Banking tells the real story
With its acquisition by Choice, Great Plains customers will see a new sign on the five locations, as well as more mobile banking options.
Beyond that, “they will see the same people and the same smiling faces,” Artz said.
Senior Vice President Bruce Baer said it was Choice Financial’s small-town feel that led Great Plains to pursue the partnership with that bank in particular.
The need for newer, more advanced mobile banking options at the Belfield bank represents the younger people moving to the area, bank Vice President Chuck Bokinskie said.
“With the new influx of people moving to the area, they’re predominantly younger and much more mobile than what our previous client base was, so that kind of drives the need for technology,” he said.
“You just have to change with what the client base is,” he said.
For a while, Bokinskie and Baer said, the bank saw an influx of those younger people opening new accounts.
“For a while, it was just a steady stream of younger clientele opening up new accounts here at the bank,” Bokinskie said.
“They’re probably more demanding than our older clients are.”
A lot of them didn’t even want check blanks, Baer said.
“All they want is a debit card.”
The bankers are also seeing a lot of men coming that don’t bring their families — “they came up here just to work until the job market came back in their hometown,” Baer said.

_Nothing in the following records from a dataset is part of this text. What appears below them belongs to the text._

Lemma marker_transfer s pi a1 pa K r :
  S s -> st_clause s = (h, B) -> step_via s pi -> st_goal s = (a1, pa) :: K ->
  pa < r -> r \notin prios K ->
  exists pt, forall b, b \in prios B ->
    (p0 b < 1 <-> pt b < r) /\
    forall x, In x K -> exists2 q, q \in prios K & (pi b < x.2 <-> pt b < q).
Proof.
move=> Ss Ecl Vs EG Hpr Hr.
have [_ [[Scomp _] SI]] := schedS.
have [HK HKp] : is_pgoal K /\ {in prios K, forall q, pa < q}.
  by apply: (pgoal_tail (x := (a1, pa))); rewrite -EG; case: Vs.
have Hm : is_pgoal [:: (marker h, r)] by [].
have Dm : pdisj K [:: (marker h, r)].
  by move=> q Hq; rewrite /= inE; apply: contraNneq Hr => <-.
have HGt : is_pgoal ((a1, pa) :: padd K [:: (marker h, r)]).
  apply: is_pgoal_consI; first exact: is_pgoal_padd.
  move=> y /In_padd /List.in_app_iff [Hy|[<-|[]]] //.
  exact/HKp/map_f_In.
have [t [St [EGt ECt]]] : exists t, S t /\
    st_goal t = (a1, pa) :: padd K [:: (marker h, r)] /\ st_clause t = (h, B).
  apply: Scomp; rewrite -Ecl; apply: is_step_regoal Vs EG HGt _ => x.
  move=> /gvarsP [y /In_padd /List.in_app_iff [Hy|[<-|[]]] Hx] //.
  by apply/gvarsP; exists y.
have [pt Vt] := schedS.1 t St.
have [Hap Hsz] := step_via_head_shape Vs EG; rewrite Ecl in Hap Hsz.
have C1 : cong_lowering t s [:: (marker h, r)].
  apply: SI => //; apply: (lowering_id (a := (a1, pa)) (K := K)) => //.
  - by exists pi.
  - by exists pt.
  - by rewrite ECt Ecl.
  - by move=> q; rewrite inE => /eqP ->.
have C2 : cong_lowering t s0 K.
  apply: SI => //.
  apply: (lowering_probe (h := h) (B := B) (a1 := a1) (pa := pa) (r := r)) => //.
  - by exists p0.
  - by exists pt.
  - by rewrite ECt clause_s0.
  - by rewrite EGt padd_comm.
exists pt => b Hb; split.
- have [q [Hq HqK Hbq]] := cong_lowering_lt C2 via_s0 Vt goal_s0 (or_introl erefl).
  move: Hq; rewrite EGt /= mem_prios_padd /prios map_cat mem_cat -/(prios _).
  rewrite (negbTE HqK) inE orFb => /eqP Eq; subst q.
  by apply: Hbq; rewrite clause_s0.
- move=> x Hx; have [q [Hq Hqm Hbq]] := cong_lowering_lt C1 Vs Vt EG Hx.
  exists q; last by apply: Hbq; rewrite Ecl.
  move: Hq; rewrite EGt /= mem_prios_padd /prios map_cat mem_cat -/(prios _).
  by rewrite (negbTE Hqm) orbF.
Qed.

Lemma stack_before s pi a K b x :
  S s -> st_clause s = (h, B) -> step_via s pi -> st_goal s = a :: K ->
  b \in prios B -> p0 b < 1 -> In x K -> pi b < x.2.
Proof.
case: a => a1 pa Ss Ecl Vs EG Hb Hb1 Hx.
have [_ HKp] : is_pgoal K /\ {in prios K, forall q, pa < q}.
  by apply: (pgoal_tail (x := (a1, pa))); rewrite -EG; case: Vs.
have [r Hpr HrK] := exists_between HKp.
have Hr : r \notin prios K by apply/negP => /HrK; rewrite ltxx.
have [pt /(_ b Hb) [Hbr HbK]] := marker_transfer Ss Ecl Vs EG Hpr Hr.
have [q Hq Hbq] := HbK x Hx.
by apply/Hbq; apply: lt_trans (HrK q Hq); apply/Hbr.
Qed.

Lemma queue_after s pi a K b x :
  S s -> st_clause s = (h, B) -> step_via s pi -> st_goal s = a :: K ->
  b \in prios B -> ~~ (p0 b < 1) -> In x K -> x.2 < pi b.
Proof.
case: a => a1 pa Ss Ecl Vs EG Hb Hb1 Hx.
have [r Hpr HrK] := exists_above pa (prios K).
have Hr : r \notin prios K by apply/negP => /HrK; rewrite ltxx.
have [pt /(_ b Hb) [Hbr HbK]] := marker_transfer Ss Ecl Vs EG Hpr Hr.
have [q Hq Hbq] := HbK x Hx.
have Hne : pi b != x.2 by apply: step_via_prio_neq Vs EG _ Hx; rewrite Ecl.
case: ltgtP Hne => // Hlt _; move/Hbq: Hlt => Hlt.
by move: Hb1; have -> : p0 b < 1 by apply/Hbr; apply: lt_trans Hlt (HrK q Hq).
Qed.

Definition stack_part : pgoal := [seq x <- B | p0 x.2 < 1].

Definition queue_part : pgoal := [seq x <- B | ~~ (p0 x.2 < 1)].

Lemma stack_queue_cat : B = stack_part ++ queue_part.
Proof.
have [_ [_ [Sh0 _]]] := via_s0.
apply: (pgoal_split (P := fun b => p0 b < 1)) => // x y _ _ Hxy.
by apply: lt_trans; apply: Sh0.1.
Qed.

Lemma plt_stack_queue : plt stack_part queue_part.
Proof.
have [_ [_ [Sh0 _]]] := via_s0.
move=> x y; rewrite (prios_filter (fun b => p0 b < 1)).
rewrite (prios_filter (fun b => ~~ (p0 b < 1))) !mem_filter => /andP[Hx _] /andP[Hy _].
case: ltgtP => // [Hyx|Exy]; last by rewrite -Exy Hx in Hy.
by rewrite (lt_trans (Sh0.1 _ _ Hyx) Hx) in Hy.
Qed.

Lemma stack_queue_clause : exists Ms Mq : pgoal,
  is_pgoal Ms /\ is_pgoal Mq /\ plt Ms Mq /\ B = Ms ++ Mq /\
  forall s, S s -> st_clause s = (h, B) ->
    exists a K gam, st_goal s = a :: K /\ shifting gam /\
      let Ms' := gshift gam (gsubst (st_ren s) Ms) in
      let Mq' := gshift gam (gsubst (st_ren s) Mq) in
      plt Ms' K /\ plt K Mq' /\ plt Ms' Mq' /\
      st_res s = gsubst (st_mgu s) (Ms' ++ K ++ Mq').
Proof.
have Ht : transitive (fun x y : patom Fsym Psym => x.2 < y.2).
  by move=> ? ? ?; apply: lt_trans.
have [HMs HMq] : is_pgoal stack_part /\ is_pgoal queue_part.
  by split; apply: sorted_filter.
exists stack_part, queue_part; do 3!split=> //; first exact: plt_stack_queue.
split; first exact: stack_queue_cat.
move=> s Ss Ecl; have [pi Vs] := schedS.1 s Ss.
have [a [K EG]] := step_via_cons Vs.
have [_ [_ [Shpi _]]] := Vs.
exists a, K, pi; do 2!split=> //.
move=> Ms' Mq'.
have HMsK : plt Ms' K.
  move=> p q; rewrite prios_gshift prios_gsubst (prios_filter (fun b => p0 b < 1)).
  move=> /mapP [b]; rewrite mem_filter => /andP[Hb1 Hb] -> /mem_map_In [x [Hx <-]].
  exact: stack_before Ss Ecl Vs EG Hb Hb1 Hx.
have HKMq : plt K Mq'.
  move=> q p /mem_map_In [x [Hx <-]].
  rewrite prios_gshift prios_gsubst (prios_filter (fun b => ~~ (p0 b < 1))).
  move=> /mapP [b]; rewrite mem_filter => /andP[Hb1 Hb] ->.
  exact: queue_after Ss Ecl Vs EG Hb Hb1 Hx.
have HMsq : plt Ms' Mq'.
  move=> p q; rewrite !prios_gshift !prios_gsubst => /mapP [b Hb ->] /mapP [c Hc ->].
  by apply: Shpi.1; apply: plt_stack_queue.
do 3!split=> //.
have [HK _] : is_pgoal K /\ {in prios K, forall q, a.2 < q}.
  by apply: pgoal_tail; rewrite -EG; case: Vs.
have [_ ->] := step_via_res Vs EG; rewrite Ecl /=.
have -> : gshift pi (gsubst (st_ren s) B) = Ms' ++ Mq'.
  by rewrite {1}stack_queue_cat /gshift /gsubst !map_cat.
by rewrite padd_between //; apply: is_pgoal_gshift; rewrite ?is_pgoal_gsubst.
Qed.

End StackQueue.

Theorem theoremt4p1p1 (Fsym Psym : Type) (S : step Fsym Psym -> Prop) :
  sched_rule S -> stack_queue S.
Proof.
move=> schedS h B HB.
have [s [Hs [EG ECl]]] := probe_step h HB.
have [s0 [S0 [EG0 ECl0]]] : exists s0, S s0 /\ st_goal s0 = probe_goal h B /\
    st_clause s0 = (h, B).
  by apply: schedS.2.1.1; exists s.
have [p0 V0] := schedS.1 s0 S0.
exact: (stack_queue_clause schedS HB S0 EG0 ECl0 V0).
Qed.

Keeping people in town for a long time is a problem for Belfield, where manufactured homes are the most common new housing and there’s a full liquor store, but no grocery store.
Many say housing is Belfield’s most visible change.
“Mainly what we notice is additional housing,” Mayor Leo Schneider said. “Usually manufactured homes is what most of them are.”
Being in a flood plain, downtown Belfield is a hard place to add new development, leaving the land to the north of Interstate 94 as the most likely location for new businesses.
The first of what may be a trend there is developer American Landmark Group’s 42-acre proposal, which is in its final planning and design stages.
“Belfield Crossing,” just northwest of the intersection of the town’s lone exit onto Interstate 94, will likely house a hotel, four restaurants, office warehouse space and retail locations, said Mitch Beckstead, managing partner of ALG.
Baer said even just across the street from his home, he has seen Belfield’s housing boom.
“The lot across the street from my house used to have just one trailer house on it,” he said. Now, two years later, “there’s three duplexes, a five-bedroom house and two additional trailer houses.”
“It’s not my little street anymore.”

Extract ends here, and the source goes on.